_EXERCISE GOAL_.
In the listing that follows, count the lines holding the word "symmetric" and report only that number.

##### DATA SUPPLIED #####

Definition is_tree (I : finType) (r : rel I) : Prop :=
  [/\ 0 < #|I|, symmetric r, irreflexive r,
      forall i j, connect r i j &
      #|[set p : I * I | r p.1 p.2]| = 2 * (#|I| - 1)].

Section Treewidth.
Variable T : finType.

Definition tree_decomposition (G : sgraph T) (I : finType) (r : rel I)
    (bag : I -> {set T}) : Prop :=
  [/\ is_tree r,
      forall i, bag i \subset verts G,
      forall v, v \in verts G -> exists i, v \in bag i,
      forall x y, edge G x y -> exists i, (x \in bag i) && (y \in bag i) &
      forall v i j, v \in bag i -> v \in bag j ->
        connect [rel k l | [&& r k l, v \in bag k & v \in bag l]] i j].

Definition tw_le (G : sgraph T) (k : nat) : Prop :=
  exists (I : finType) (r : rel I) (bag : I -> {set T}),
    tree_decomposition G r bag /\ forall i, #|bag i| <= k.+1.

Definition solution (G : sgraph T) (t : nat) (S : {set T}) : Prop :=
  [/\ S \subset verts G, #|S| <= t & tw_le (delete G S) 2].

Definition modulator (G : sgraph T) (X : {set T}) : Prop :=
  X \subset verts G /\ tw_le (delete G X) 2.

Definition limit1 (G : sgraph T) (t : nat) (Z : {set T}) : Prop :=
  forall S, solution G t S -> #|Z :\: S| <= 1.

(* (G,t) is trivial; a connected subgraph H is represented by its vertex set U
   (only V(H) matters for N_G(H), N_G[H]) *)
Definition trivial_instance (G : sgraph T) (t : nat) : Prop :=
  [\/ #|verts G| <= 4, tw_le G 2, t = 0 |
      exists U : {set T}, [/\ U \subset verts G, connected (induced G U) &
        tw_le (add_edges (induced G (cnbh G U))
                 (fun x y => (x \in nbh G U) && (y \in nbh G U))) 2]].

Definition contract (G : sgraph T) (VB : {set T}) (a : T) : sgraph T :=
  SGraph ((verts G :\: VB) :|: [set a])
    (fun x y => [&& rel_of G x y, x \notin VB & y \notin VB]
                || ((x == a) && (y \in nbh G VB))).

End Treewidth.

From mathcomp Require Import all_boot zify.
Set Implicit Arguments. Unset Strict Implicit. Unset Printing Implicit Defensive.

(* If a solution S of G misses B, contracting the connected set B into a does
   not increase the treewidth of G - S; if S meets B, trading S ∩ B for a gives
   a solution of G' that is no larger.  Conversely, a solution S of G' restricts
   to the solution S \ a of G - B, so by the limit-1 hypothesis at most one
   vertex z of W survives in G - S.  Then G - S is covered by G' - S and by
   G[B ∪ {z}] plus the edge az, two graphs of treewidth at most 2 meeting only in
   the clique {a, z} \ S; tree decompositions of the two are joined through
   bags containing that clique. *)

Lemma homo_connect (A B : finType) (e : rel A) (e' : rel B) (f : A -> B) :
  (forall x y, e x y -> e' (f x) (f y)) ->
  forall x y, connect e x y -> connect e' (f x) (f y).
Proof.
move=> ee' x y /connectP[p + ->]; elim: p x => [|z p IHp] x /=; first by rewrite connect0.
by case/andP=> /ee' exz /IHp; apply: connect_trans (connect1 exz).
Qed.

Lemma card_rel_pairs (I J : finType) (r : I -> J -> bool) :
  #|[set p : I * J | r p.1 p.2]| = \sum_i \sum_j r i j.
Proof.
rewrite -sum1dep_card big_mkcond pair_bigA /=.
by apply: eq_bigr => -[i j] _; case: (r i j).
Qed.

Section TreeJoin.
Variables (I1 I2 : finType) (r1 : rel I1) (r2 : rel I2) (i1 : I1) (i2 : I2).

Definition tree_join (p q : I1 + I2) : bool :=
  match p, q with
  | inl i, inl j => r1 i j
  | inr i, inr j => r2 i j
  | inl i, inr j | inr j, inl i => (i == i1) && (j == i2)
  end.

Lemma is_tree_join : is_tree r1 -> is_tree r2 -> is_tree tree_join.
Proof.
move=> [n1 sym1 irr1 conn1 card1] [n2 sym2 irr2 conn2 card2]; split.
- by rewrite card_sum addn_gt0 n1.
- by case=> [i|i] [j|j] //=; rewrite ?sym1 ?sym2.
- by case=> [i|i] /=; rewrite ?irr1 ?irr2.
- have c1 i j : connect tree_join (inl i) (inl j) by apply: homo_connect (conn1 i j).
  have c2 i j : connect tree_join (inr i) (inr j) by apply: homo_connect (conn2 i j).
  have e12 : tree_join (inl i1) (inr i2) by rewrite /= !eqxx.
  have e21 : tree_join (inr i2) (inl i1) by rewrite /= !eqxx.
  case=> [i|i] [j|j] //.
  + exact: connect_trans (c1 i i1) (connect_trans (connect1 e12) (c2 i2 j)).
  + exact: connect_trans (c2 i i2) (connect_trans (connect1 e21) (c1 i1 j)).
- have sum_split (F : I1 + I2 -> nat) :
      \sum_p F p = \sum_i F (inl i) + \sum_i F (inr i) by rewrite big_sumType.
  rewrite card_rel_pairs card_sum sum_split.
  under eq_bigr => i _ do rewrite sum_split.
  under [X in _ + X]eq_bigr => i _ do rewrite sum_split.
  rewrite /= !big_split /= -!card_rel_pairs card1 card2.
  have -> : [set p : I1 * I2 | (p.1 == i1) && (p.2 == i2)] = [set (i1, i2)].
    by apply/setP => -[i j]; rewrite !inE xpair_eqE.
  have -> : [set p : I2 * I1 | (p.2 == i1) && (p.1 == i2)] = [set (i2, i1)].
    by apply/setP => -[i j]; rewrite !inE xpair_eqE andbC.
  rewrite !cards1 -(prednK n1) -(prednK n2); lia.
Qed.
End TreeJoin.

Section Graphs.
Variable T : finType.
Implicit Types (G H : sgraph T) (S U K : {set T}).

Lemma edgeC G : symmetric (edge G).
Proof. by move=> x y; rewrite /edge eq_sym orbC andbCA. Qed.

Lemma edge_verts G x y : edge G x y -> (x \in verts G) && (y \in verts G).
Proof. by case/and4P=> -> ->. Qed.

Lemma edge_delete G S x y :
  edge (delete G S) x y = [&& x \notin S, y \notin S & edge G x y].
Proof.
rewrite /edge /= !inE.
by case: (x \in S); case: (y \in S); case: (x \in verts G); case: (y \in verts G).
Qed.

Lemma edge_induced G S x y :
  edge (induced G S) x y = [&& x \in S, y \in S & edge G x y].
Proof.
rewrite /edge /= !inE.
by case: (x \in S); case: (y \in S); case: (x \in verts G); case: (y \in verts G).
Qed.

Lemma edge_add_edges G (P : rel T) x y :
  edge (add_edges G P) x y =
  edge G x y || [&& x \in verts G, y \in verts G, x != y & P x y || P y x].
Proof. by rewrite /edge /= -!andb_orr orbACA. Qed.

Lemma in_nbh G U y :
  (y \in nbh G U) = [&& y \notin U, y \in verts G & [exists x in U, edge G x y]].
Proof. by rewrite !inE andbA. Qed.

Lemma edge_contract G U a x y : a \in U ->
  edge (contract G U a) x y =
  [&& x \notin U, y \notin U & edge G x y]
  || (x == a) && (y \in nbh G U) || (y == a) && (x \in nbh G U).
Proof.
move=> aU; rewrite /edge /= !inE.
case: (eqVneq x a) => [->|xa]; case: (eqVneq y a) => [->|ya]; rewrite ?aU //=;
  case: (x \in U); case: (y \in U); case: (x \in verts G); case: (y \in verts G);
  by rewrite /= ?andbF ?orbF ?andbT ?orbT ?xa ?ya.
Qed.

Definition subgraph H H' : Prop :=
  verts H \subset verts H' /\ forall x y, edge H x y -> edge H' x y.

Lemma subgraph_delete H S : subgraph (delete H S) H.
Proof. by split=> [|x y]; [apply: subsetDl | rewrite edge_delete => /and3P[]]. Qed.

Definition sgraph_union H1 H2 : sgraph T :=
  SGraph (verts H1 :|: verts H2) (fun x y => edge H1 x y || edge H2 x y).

#####

_REPLY_.
2